TO DO:
Would you restate the entries below word for word, starting at the first line and ending with the one that has "by have := ler_wpM2l l20 l13; lra."?
(Beginning of TASK DATA)
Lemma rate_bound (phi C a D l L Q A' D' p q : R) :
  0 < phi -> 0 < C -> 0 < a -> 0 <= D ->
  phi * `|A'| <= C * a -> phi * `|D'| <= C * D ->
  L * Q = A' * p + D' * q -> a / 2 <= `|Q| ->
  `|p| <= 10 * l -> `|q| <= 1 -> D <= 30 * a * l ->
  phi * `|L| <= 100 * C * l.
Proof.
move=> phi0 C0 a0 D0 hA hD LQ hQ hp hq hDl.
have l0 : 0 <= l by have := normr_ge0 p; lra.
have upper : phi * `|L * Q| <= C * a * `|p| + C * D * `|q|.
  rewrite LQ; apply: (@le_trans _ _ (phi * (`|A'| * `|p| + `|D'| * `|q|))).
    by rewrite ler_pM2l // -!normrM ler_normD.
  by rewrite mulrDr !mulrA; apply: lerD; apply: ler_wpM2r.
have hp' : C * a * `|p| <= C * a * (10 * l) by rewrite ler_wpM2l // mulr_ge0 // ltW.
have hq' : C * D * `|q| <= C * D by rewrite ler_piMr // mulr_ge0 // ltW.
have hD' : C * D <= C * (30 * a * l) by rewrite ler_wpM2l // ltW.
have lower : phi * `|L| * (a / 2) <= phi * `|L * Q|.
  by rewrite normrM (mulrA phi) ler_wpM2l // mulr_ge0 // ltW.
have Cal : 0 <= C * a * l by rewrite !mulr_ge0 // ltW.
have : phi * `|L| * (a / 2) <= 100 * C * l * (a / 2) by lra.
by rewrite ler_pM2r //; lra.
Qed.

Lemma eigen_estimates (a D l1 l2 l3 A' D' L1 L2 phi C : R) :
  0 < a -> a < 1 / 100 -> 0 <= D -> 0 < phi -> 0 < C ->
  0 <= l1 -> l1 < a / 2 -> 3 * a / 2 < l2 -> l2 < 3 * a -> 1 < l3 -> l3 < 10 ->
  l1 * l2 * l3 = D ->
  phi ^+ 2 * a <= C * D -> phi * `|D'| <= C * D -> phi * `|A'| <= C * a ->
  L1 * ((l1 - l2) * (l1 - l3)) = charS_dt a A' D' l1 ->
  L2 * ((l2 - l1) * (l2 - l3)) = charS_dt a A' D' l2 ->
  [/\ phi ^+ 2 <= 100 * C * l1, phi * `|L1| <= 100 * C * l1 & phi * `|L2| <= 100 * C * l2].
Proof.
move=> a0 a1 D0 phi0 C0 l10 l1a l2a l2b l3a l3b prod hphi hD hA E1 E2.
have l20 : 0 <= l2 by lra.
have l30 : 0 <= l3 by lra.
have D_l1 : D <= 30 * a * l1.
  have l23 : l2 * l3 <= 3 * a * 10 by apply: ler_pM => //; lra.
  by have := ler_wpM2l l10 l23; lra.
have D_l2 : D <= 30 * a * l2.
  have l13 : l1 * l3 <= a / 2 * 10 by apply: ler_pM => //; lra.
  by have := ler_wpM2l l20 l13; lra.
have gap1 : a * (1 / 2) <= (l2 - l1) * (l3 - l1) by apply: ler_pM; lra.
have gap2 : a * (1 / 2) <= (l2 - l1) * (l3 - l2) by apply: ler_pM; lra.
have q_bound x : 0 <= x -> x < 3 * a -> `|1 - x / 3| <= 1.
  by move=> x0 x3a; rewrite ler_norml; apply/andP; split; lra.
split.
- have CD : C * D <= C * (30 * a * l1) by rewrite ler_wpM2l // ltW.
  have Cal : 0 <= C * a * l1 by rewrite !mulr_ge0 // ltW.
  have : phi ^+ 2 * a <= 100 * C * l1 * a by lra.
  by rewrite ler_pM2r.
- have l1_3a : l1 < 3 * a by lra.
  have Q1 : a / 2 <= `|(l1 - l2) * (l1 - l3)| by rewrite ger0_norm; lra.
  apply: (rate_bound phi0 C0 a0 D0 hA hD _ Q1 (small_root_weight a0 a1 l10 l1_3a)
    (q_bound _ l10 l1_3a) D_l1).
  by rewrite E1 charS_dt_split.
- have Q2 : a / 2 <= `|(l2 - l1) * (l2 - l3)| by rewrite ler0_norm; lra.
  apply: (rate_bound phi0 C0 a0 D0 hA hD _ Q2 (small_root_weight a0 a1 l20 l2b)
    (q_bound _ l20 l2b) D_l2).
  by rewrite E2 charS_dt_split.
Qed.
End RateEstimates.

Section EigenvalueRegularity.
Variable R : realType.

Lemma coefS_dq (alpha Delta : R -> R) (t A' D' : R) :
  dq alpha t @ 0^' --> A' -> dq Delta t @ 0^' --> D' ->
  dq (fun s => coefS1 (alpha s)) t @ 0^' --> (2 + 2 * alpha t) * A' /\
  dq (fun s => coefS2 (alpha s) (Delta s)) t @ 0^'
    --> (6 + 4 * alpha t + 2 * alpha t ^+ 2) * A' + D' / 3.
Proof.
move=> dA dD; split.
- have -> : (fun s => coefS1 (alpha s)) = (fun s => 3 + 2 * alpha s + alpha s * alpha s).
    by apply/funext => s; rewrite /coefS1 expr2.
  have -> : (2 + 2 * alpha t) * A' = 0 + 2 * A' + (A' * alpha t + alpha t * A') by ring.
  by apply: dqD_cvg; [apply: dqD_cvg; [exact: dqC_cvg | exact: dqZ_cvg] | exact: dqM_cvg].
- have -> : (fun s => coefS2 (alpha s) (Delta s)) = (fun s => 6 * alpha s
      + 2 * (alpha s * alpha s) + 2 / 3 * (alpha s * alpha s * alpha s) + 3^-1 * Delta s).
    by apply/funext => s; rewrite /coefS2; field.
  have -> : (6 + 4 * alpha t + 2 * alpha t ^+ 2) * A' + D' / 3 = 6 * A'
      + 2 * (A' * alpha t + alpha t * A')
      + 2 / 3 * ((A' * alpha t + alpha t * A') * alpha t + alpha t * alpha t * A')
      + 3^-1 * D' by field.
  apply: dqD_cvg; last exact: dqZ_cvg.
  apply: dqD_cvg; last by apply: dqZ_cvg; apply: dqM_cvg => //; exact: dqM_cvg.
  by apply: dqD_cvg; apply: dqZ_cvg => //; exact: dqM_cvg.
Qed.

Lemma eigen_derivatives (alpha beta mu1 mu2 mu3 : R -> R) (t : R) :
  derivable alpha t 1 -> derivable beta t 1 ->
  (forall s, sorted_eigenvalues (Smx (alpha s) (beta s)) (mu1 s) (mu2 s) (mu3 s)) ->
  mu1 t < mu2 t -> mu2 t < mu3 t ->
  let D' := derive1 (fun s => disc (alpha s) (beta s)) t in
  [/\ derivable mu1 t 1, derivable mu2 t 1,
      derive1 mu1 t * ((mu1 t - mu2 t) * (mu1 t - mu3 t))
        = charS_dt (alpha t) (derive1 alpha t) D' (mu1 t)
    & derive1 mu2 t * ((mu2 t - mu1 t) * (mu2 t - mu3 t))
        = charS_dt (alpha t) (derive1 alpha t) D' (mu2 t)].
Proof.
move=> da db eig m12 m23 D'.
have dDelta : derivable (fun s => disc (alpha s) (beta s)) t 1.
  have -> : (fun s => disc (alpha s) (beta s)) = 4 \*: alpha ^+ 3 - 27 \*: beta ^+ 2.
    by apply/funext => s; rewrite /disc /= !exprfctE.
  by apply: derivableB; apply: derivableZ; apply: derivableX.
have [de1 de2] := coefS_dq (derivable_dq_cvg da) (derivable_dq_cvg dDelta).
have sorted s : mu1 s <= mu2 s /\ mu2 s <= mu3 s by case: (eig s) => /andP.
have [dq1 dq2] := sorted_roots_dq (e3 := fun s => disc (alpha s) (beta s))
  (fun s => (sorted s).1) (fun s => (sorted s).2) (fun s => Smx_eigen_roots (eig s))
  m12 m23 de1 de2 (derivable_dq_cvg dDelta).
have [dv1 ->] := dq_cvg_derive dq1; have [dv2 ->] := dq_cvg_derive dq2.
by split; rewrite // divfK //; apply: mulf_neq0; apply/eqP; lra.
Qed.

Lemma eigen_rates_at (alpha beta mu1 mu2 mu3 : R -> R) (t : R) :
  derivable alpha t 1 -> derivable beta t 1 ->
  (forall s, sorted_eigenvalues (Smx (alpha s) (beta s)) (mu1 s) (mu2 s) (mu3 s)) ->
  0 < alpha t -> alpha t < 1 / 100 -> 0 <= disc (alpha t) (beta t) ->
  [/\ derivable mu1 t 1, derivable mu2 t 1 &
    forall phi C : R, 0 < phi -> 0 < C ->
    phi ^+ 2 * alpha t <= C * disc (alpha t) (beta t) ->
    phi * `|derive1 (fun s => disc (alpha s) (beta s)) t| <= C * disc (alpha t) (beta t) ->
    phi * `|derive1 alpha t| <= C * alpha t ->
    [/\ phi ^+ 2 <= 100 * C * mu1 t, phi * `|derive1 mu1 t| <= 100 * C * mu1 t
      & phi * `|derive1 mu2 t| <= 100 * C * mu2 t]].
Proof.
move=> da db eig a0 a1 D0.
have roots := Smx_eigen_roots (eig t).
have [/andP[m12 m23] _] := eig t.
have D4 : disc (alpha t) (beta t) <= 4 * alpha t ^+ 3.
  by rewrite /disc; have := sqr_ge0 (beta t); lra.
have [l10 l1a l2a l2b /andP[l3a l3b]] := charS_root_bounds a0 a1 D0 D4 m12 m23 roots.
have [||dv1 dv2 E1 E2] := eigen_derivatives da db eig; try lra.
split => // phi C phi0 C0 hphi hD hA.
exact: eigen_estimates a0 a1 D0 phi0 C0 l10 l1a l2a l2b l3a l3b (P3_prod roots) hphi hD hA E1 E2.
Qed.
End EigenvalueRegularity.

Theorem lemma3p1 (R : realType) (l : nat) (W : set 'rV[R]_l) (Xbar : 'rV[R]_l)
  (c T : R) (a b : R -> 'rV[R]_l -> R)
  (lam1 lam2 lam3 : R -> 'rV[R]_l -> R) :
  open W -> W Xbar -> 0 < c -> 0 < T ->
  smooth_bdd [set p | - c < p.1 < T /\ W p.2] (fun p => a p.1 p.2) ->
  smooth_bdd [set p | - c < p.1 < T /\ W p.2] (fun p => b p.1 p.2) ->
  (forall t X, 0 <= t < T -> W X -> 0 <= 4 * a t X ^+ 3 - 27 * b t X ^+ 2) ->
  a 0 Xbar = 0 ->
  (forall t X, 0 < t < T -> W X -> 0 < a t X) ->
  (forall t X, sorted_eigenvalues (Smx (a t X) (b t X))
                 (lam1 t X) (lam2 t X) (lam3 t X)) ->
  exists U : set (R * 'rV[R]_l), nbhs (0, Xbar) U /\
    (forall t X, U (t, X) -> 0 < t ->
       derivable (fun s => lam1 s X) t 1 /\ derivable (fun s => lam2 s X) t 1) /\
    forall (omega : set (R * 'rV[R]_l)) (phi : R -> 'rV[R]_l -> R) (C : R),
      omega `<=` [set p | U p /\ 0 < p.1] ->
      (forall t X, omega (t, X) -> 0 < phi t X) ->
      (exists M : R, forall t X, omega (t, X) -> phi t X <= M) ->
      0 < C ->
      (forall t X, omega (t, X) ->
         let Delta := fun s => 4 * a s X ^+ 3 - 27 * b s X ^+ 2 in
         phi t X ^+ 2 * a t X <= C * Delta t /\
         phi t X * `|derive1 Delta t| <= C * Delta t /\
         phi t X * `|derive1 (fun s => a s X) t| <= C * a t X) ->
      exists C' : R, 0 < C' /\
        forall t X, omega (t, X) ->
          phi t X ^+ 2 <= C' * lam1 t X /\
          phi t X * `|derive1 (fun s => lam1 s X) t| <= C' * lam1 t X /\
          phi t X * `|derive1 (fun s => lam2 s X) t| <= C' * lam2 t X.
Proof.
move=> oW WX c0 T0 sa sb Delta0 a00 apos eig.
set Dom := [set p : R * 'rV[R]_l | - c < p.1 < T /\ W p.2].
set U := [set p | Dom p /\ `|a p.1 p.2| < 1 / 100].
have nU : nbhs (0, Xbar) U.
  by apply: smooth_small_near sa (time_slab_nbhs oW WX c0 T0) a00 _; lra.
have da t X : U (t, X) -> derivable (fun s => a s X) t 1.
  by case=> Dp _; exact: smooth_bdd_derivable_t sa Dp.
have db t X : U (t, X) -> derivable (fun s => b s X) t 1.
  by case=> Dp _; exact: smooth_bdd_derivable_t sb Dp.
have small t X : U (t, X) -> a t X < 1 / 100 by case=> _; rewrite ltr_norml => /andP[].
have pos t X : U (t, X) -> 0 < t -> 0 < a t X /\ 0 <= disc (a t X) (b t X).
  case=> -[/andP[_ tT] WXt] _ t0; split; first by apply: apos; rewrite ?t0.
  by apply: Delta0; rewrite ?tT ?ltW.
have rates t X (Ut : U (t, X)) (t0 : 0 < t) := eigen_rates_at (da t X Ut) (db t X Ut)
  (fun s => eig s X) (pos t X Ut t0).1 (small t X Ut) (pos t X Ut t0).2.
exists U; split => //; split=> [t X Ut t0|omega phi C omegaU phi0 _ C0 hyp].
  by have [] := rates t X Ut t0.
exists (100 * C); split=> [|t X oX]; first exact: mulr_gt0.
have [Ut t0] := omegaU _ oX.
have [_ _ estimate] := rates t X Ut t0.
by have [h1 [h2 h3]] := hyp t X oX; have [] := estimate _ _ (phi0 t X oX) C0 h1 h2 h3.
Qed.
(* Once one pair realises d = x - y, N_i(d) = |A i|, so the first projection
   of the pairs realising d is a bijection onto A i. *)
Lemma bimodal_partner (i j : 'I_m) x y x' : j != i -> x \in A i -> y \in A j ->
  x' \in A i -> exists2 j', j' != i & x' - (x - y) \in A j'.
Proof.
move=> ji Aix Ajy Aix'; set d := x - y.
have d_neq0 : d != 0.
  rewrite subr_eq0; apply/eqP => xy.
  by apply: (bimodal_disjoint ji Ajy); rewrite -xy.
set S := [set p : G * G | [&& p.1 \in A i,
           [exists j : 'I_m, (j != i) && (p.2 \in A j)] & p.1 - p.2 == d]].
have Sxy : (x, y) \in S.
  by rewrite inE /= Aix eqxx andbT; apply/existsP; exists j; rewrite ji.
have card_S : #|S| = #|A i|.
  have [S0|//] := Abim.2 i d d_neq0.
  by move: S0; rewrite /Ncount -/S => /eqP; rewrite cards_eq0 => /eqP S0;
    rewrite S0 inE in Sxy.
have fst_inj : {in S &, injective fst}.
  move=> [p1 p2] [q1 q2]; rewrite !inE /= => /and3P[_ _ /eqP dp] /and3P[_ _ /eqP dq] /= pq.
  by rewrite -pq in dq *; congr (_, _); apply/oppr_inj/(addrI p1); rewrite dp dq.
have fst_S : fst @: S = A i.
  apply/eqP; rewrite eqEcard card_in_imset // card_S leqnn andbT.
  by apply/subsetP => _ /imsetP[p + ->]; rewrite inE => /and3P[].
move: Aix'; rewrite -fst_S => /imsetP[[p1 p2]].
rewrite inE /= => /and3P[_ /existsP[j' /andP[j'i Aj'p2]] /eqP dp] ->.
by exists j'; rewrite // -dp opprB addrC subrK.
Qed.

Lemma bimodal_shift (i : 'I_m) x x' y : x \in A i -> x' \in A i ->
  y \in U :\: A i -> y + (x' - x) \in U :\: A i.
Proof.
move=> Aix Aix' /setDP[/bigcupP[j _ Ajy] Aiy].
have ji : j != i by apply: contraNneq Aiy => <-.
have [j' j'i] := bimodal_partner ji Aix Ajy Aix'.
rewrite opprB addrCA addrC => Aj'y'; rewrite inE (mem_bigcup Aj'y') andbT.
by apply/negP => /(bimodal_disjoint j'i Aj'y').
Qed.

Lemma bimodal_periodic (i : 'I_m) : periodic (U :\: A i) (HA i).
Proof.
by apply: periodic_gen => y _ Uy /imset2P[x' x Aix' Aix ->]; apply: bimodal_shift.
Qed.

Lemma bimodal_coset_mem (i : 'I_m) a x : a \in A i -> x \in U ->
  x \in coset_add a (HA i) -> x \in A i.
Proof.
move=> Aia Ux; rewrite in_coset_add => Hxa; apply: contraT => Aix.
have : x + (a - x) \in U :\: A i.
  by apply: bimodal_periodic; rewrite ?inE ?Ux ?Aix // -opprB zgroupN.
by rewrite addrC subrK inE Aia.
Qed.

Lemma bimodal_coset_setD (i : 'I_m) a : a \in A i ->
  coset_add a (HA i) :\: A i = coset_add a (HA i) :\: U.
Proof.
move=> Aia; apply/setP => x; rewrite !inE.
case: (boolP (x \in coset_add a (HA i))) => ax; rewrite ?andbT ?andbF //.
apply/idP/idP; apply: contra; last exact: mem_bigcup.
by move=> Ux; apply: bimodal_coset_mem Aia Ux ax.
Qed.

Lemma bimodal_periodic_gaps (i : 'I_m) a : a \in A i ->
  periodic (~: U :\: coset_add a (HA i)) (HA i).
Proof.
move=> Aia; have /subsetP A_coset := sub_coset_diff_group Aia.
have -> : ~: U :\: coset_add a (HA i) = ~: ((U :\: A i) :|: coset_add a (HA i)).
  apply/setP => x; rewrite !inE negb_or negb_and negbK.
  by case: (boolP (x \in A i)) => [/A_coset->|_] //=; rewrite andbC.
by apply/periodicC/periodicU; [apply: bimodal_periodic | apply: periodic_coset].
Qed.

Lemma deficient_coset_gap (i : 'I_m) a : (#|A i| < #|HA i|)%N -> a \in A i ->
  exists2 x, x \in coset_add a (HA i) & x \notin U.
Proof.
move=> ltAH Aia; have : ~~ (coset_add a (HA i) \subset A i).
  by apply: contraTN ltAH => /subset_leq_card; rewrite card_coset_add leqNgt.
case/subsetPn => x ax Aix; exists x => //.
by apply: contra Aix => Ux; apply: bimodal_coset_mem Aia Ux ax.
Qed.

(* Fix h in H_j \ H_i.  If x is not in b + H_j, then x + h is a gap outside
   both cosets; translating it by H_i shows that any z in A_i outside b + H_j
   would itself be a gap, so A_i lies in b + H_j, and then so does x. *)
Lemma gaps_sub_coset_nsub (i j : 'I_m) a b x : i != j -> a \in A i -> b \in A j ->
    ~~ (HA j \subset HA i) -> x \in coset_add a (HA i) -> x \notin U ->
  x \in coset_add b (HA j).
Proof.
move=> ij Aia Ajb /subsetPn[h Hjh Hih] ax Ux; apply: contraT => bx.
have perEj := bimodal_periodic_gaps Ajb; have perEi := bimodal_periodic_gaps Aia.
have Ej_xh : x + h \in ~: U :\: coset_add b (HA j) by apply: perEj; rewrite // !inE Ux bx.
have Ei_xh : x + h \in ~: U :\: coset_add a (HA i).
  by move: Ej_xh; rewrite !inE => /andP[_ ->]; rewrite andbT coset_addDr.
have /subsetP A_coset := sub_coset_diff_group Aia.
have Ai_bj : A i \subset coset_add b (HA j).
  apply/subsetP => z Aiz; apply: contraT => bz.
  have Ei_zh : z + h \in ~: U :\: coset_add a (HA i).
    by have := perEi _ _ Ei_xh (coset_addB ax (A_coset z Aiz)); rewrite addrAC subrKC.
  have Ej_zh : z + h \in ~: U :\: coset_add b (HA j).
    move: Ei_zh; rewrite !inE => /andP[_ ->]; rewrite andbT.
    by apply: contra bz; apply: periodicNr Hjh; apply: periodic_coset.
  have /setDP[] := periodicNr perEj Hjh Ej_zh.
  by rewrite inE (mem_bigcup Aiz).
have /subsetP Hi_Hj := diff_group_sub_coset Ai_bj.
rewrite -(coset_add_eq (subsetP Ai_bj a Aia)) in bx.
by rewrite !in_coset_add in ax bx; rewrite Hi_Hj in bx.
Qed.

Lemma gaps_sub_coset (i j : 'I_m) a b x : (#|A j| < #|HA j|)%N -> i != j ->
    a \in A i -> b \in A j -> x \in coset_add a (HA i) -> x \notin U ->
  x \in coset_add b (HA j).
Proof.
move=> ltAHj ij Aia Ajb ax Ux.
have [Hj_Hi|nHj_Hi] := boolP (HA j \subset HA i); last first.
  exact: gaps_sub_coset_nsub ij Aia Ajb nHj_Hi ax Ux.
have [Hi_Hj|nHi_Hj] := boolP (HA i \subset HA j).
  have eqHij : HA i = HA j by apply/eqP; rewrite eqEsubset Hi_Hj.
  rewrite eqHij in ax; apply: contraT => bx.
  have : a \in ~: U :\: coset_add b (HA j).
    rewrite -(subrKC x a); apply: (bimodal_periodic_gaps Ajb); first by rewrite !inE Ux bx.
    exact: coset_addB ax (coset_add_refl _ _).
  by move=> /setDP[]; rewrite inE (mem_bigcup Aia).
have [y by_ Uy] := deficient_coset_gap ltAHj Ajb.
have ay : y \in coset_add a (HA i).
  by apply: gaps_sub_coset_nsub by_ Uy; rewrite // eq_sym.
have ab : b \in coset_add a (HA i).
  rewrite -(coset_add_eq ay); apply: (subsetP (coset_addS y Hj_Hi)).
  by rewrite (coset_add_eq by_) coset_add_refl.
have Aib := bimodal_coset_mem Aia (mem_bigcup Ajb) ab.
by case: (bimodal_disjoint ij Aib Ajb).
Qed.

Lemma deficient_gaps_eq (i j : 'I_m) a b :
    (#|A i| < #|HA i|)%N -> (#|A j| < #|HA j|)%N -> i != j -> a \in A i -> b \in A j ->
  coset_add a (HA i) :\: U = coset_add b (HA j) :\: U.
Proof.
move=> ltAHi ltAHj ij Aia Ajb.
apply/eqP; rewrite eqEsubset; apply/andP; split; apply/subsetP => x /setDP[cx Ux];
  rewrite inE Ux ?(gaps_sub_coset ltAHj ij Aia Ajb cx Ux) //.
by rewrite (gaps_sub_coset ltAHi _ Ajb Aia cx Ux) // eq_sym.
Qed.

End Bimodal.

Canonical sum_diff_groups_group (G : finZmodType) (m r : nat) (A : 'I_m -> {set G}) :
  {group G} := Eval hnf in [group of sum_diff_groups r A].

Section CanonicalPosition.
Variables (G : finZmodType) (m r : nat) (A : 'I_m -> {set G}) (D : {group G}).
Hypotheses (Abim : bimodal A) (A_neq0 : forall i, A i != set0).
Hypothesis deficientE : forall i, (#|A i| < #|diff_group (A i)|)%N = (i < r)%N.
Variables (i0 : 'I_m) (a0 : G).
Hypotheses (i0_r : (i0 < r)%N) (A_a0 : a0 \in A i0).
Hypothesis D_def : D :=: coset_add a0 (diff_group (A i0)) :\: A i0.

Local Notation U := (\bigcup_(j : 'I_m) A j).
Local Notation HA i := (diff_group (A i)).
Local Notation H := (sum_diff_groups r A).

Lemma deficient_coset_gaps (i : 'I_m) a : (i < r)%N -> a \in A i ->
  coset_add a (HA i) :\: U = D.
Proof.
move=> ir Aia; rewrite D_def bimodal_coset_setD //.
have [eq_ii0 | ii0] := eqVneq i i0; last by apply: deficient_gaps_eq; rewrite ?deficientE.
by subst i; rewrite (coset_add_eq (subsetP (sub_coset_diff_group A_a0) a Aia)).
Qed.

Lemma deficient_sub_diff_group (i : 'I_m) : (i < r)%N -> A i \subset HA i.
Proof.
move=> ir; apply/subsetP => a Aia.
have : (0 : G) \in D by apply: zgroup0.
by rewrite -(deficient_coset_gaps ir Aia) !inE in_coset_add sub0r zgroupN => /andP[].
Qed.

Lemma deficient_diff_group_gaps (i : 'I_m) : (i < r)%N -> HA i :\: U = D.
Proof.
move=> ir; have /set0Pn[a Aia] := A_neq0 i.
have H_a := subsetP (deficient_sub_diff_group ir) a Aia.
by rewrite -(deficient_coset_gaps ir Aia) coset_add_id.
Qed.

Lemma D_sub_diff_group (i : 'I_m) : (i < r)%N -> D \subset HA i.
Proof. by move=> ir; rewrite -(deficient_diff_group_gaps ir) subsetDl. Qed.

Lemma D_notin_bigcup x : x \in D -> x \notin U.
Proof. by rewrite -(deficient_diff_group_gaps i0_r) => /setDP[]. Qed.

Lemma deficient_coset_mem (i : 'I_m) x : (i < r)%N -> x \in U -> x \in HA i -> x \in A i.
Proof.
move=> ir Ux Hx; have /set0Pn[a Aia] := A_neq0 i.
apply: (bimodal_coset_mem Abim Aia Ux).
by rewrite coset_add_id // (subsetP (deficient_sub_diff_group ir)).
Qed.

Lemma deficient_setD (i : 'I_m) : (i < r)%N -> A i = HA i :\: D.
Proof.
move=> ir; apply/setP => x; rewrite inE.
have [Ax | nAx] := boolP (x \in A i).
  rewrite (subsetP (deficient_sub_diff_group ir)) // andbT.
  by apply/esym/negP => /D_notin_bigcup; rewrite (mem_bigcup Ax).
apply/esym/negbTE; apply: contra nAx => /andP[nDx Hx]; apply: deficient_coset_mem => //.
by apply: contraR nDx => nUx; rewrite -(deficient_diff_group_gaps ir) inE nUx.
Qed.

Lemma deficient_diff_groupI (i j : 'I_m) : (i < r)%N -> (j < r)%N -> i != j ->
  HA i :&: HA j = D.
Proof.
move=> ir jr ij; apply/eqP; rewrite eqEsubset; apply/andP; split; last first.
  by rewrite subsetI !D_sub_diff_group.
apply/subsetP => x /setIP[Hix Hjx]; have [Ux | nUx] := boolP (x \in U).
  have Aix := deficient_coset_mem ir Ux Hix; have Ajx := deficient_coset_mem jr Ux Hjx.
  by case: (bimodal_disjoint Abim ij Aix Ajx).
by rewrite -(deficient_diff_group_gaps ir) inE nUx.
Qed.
(End of TASK DATA)
EXPECTED OUTPUT:
Lemma rate_bound (phi C a D l L Q A' D' p q : R) :
  0 < phi -> 0 < C -> 0 < a -> 0 <= D ->
  phi * `|A'| <= C * a -> phi * `|D'| <= C * D ->
  L * Q = A' * p + D' * q -> a / 2 <= `|Q| ->
  `|p| <= 10 * l -> `|q| <= 1 -> D <= 30 * a * l ->
  phi * `|L| <= 100 * C * l.
Proof.
move=> phi0 C0 a0 D0 hA hD LQ hQ hp hq hDl.
have l0 : 0 <= l by have := normr_ge0 p; lra.
have upper : phi * `|L * Q| <= C * a * `|p| + C * D * `|q|.
  rewrite LQ; apply: (@le_trans _ _ (phi * (`|A'| * `|p| + `|D'| * `|q|))).
    by rewrite ler_pM2l // -!normrM ler_normD.
  by rewrite mulrDr !mulrA; apply: lerD; apply: ler_wpM2r.
have hp' : C * a * `|p| <= C * a * (10 * l) by rewrite ler_wpM2l // mulr_ge0 // ltW.
have hq' : C * D * `|q| <= C * D by rewrite ler_piMr // mulr_ge0 // ltW.
have hD' : C * D <= C * (30 * a * l) by rewrite ler_wpM2l // ltW.
have lower : phi * `|L| * (a / 2) <= phi * `|L * Q|.
  by rewrite normrM (mulrA phi) ler_wpM2l // mulr_ge0 // ltW.
have Cal : 0 <= C * a * l by rewrite !mulr_ge0 // ltW.
have : phi * `|L| * (a / 2) <= 100 * C * l * (a / 2) by lra.
by rewrite ler_pM2r //; lra.
Qed.

Lemma eigen_estimates (a D l1 l2 l3 A' D' L1 L2 phi C : R) :
  0 < a -> a < 1 / 100 -> 0 <= D -> 0 < phi -> 0 < C ->
  0 <= l1 -> l1 < a / 2 -> 3 * a / 2 < l2 -> l2 < 3 * a -> 1 < l3 -> l3 < 10 ->
  l1 * l2 * l3 = D ->
  phi ^+ 2 * a <= C * D -> phi * `|D'| <= C * D -> phi * `|A'| <= C * a ->
  L1 * ((l1 - l2) * (l1 - l3)) = charS_dt a A' D' l1 ->
  L2 * ((l2 - l1) * (l2 - l3)) = charS_dt a A' D' l2 ->
  [/\ phi ^+ 2 <= 100 * C * l1, phi * `|L1| <= 100 * C * l1 & phi * `|L2| <= 100 * C * l2].
Proof.
move=> a0 a1 D0 phi0 C0 l10 l1a l2a l2b l3a l3b prod hphi hD hA E1 E2.
have l20 : 0 <= l2 by lra.
have l30 : 0 <= l3 by lra.
have D_l1 : D <= 30 * a * l1.
  have l23 : l2 * l3 <= 3 * a * 10 by apply: ler_pM => //; lra.
  by have := ler_wpM2l l10 l23; lra.
have D_l2 : D <= 30 * a * l2.
  have l13 : l1 * l3 <= a / 2 * 10 by apply: ler_pM => //; lra.
  by have := ler_wpM2l l20 l13; lra.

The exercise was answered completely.